What you are asked to do » Below is a listing from which only part is wanted; return exactly the lines from the one with "irreflexive adjacency relation. *)" up to and including the one with "fun i j => (val".

Given entries »
(* For all integers $m,n\geq 3$, let $T_{m,n}=C_m\Box C_n$. Then $\chi_i(T_{m,n})=5$ if $m\equiv 0 \pmod 5$ and $n\equiv 0 \pmod 5$, and $\chi_i(T_{m,n})=6$ otherwise.
   Context: For a graph $G$, an incidence is a pair $(v,e)$ with $v\in V(G)$, $e\in E(G)$ and $v$ incident with $e$. Two incidences $(v,e)$ and $(w,f)$ are adjacent if $v=w$, or $e=f$, or the edge $vw$ equals $e$ or $f$. An incidence $k$-coloring of $G$ is a map from the set of incidences of $G$ to a set of $k$ colors such that adjacent incidences receive distinct colors; the incidence chromatic number $\chi_i(G)$ is the least such $k$. $C_n$ denotes the cycle on $n$ vertices and $\Box$ the Cartesian product of graphs: $G\Box H$ has vertex set $V(G)\times V(H)$, with $(u_1,v_1)$ adjacent to $(u_2,v_2)$ iff either $u_1=u_2$ and $v_1v_2\in E(H)$, or $v_1=v_2$ and $u_1u_2\in E(G)$. *)

(* Simple graphs on a finType, given by a symmetric
   irreflexive adjacency relation. *)
From mathcomp Require Import all_boot all_order.
Set Implicit Arguments. Unset Strict Implicit. Unset Printing Implicit Defensive.

Section Incidence.
Variable T : finType.
Variable adj : rel T.

Definition edges : {set {set T}} :=
  [set E : {set T} | [exists v, exists w, adj v w && (E == [set v; w])]].

Definition incidences : {set T * {set T}} :=
  [set p : T * {set T} | (p.2 \in edges) && (p.1 \in p.2)].

Definition inc_adj (p q : T * {set T}) : bool :=
  [|| p.1 == q.1, p.2 == q.2, [set p.1; q.1] == p.2 | [set p.1; q.1] == q.2].

Definition incT := {p : T * {set T} | p \in incidences}.

Definition incidence_coloring (k : nat) (c : {ffun incT -> 'I_k}) : bool :=
  [forall p : incT, forall q : incT,
      ((p != q) && inc_adj (val p) (val q)) ==> (c p != c q)].

Definition incidence_colorable (k : nat) : bool :=
  [exists c : {ffun incT -> 'I_k}, incidence_coloring c].

(* Incidence chromatic number: the least k admitting an incidence k-coloring.
   (k = #|incidences| always works, via an injective colouring, so the
   minimum below is taken over a nonempty range.) *)
Definition incidence_chromatic_number : nat :=
  \big[minn/#|incidences|]_(k < #|incidences|.+1 | incidence_colorable k) (k : nat).
End Incidence.

Definition cycle_rel (n : nat) : rel 'I_n :=
  fun i j => (val j == (val i).+1 %% n) || (val i == (val j).+1 %% n).

Definition box (U V : finType) (G : rel U) (H : rel V) : rel (U * V) :=
  fun x y => ((x.1 == y.1) && H x.2 y.2) || ((x.2 == y.2) && G x.1 y.1).

From mathcomp Require Import all_boot all_order.
From mathcomp Require Import zify.
Set Implicit Arguments. Unset Strict Implicit. Unset Printing Implicit Defensive.

(* Every vertex of the torus has degree 4, so the four incidences leaving a
   vertex v and one entering it need 5 colours.  With exactly 5 colours all incidences
   entering v get the same colour f v, and f is injective on every closed neighbourhood.
   Locally, the colour of a vertex then repeats along the lattice spanned by (2, 1) and
   (1, -2) or along its mirror image, so f is 5-periodic in both coordinates, while
   f (x + 1, y) <> f (x, y).  If 5 did not divide m, some multiple of 5 would be 1 mod m.

   Let every vertex reserve a set of colours and give the incidence (v, vw)
   a colour reserved at w but not at v, distinct for the four neighbours w of v.  For 5 | m, n
   the vertex (i, j) reserves i + 2j mod 5.  Otherwise every vertex reserves two of six
   colours, read from a finite table indexed by labels of its two coordinates; the labels
   come from closed walks of lengths m and n in a 5-cycle or in a triangle and a 4-cycle
   glued at a vertex, and the finitely many local configurations are checked by computation. *)

Lemma size_uniq_bounded (s : seq nat) k :
  uniq s -> all (fun t => t < k) s -> size s <= k.
Proof.
move=> us /allP hs; rewrite -(size_iota 0 k); apply: uniq_leq_size us _ => t /hs.
by rewrite mem_iota.
Qed.

Lemma bigmin_le (I : eqType) (r : seq I) (P : pred I) (F : I -> nat) N x :
  x \in r -> P x -> \big[minn/N]_(i <- r | P i) F i <= F x.
Proof.
elim: r => // y r IH; rewrite inE big_cons => /orP[/eqP<- -> | /IH le_rx Px].
  exact: geq_minl.
by case: ifP => _; rewrite ?geq_min le_rx ?orbT.
Qed.

Section IncidenceColoring.
Variables (T : finType) (adj : rel T).

Lemma set2_eqE (a b c d : T) : a != b ->
  ([set a; b] == [set c; d]) = ((a == c) && (b == d)) || ((a == d) && (b == c)).
Proof.
move=> neq_ab; apply/eqP/idP => [E|]; last first.
  by case/orP=> /andP[/eqP<- /eqP<-] //; rewrite setUC.
have := set21 a b; have := set22 a b; rewrite E => /set2P[] eb /set2P[] ea;
  by move: neq_ab; rewrite ea eb ?eqxx ?orbT.
Qed.

Lemma colorable_card : incidence_colorable adj #|incidences adj|.
Proof.
have E : #|{: incT adj}| = #|incidences adj| by rewrite card_sig; apply: eq_card.
apply/existsP; exists [ffun p => cast_ord E (enum_rank p)].
apply/forallP => p; apply/forallP => q; apply/implyP => /andP[neq_pq _].
by rewrite !ffunE; apply: contra neq_pq => /eqP /cast_ord_inj /enum_rank_inj ->.
Qed.

Lemma incidence_chromatic_numberE K :
  incidence_colorable adj K -> (forall k, k < K -> ~~ incidence_colorable adj k) ->
  incidence_chromatic_number adj = K.
Proof.
move=> colK below; have leK : K < #|incidences adj|.+1.
  by rewrite ltnS leqNgt; apply/negP => /below; rewrite colorable_card.
apply/eqP; rewrite eqn_leq; apply/andP; split.
  exact: (bigmin_le (fun k : 'I__ => k : nat) _ (mem_index_enum (Ordinal leK)) colK).
apply: (big_ind (fun x => K <= x)) => [//||i].
  by move=> x y hx hy; rewrite leq_min hx hy.
by rewrite leqNgt; apply: contraL => /below.
Qed.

Your solution »
   irreflexive adjacency relation. *)
From mathcomp Require Import all_boot all_order.
Set Implicit Arguments. Unset Strict Implicit. Unset Printing Implicit Defensive.

Section Incidence.
Variable T : finType.
Variable adj : rel T.

Definition edges : {set {set T}} :=
  [set E : {set T} | [exists v, exists w, adj v w && (E == [set v; w])]].

Definition incidences : {set T * {set T}} :=
  [set p : T * {set T} | (p.2 \in edges) && (p.1 \in p.2)].

Definition inc_adj (p q : T * {set T}) : bool :=
  [|| p.1 == q.1, p.2 == q.2, [set p.1; q.1] == p.2 | [set p.1; q.1] == q.2].

Definition incT := {p : T * {set T} | p \in incidences}.

Definition incidence_coloring (k : nat) (c : {ffun incT -> 'I_k}) : bool :=
  [forall p : incT, forall q : incT,
      ((p != q) && inc_adj (val p) (val q)) ==> (c p != c q)].

Definition incidence_colorable (k : nat) : bool :=
  [exists c : {ffun incT -> 'I_k}, incidence_coloring c].

(* Incidence chromatic number: the least k admitting an incidence k-coloring.
   (k = #|incidences| always works, via an injective colouring, so the
   minimum below is taken over a nonempty range.) *)
Definition incidence_chromatic_number : nat :=
  \big[minn/#|incidences|]_(k < #|incidences|.+1 | incidence_colorable k) (k : nat).
End Incidence.

Definition cycle_rel (n : nat) : rel 'I_n :=
  fun i j => (val j == (val i).+1 %% n) || (val i == (val j).+1 %% n).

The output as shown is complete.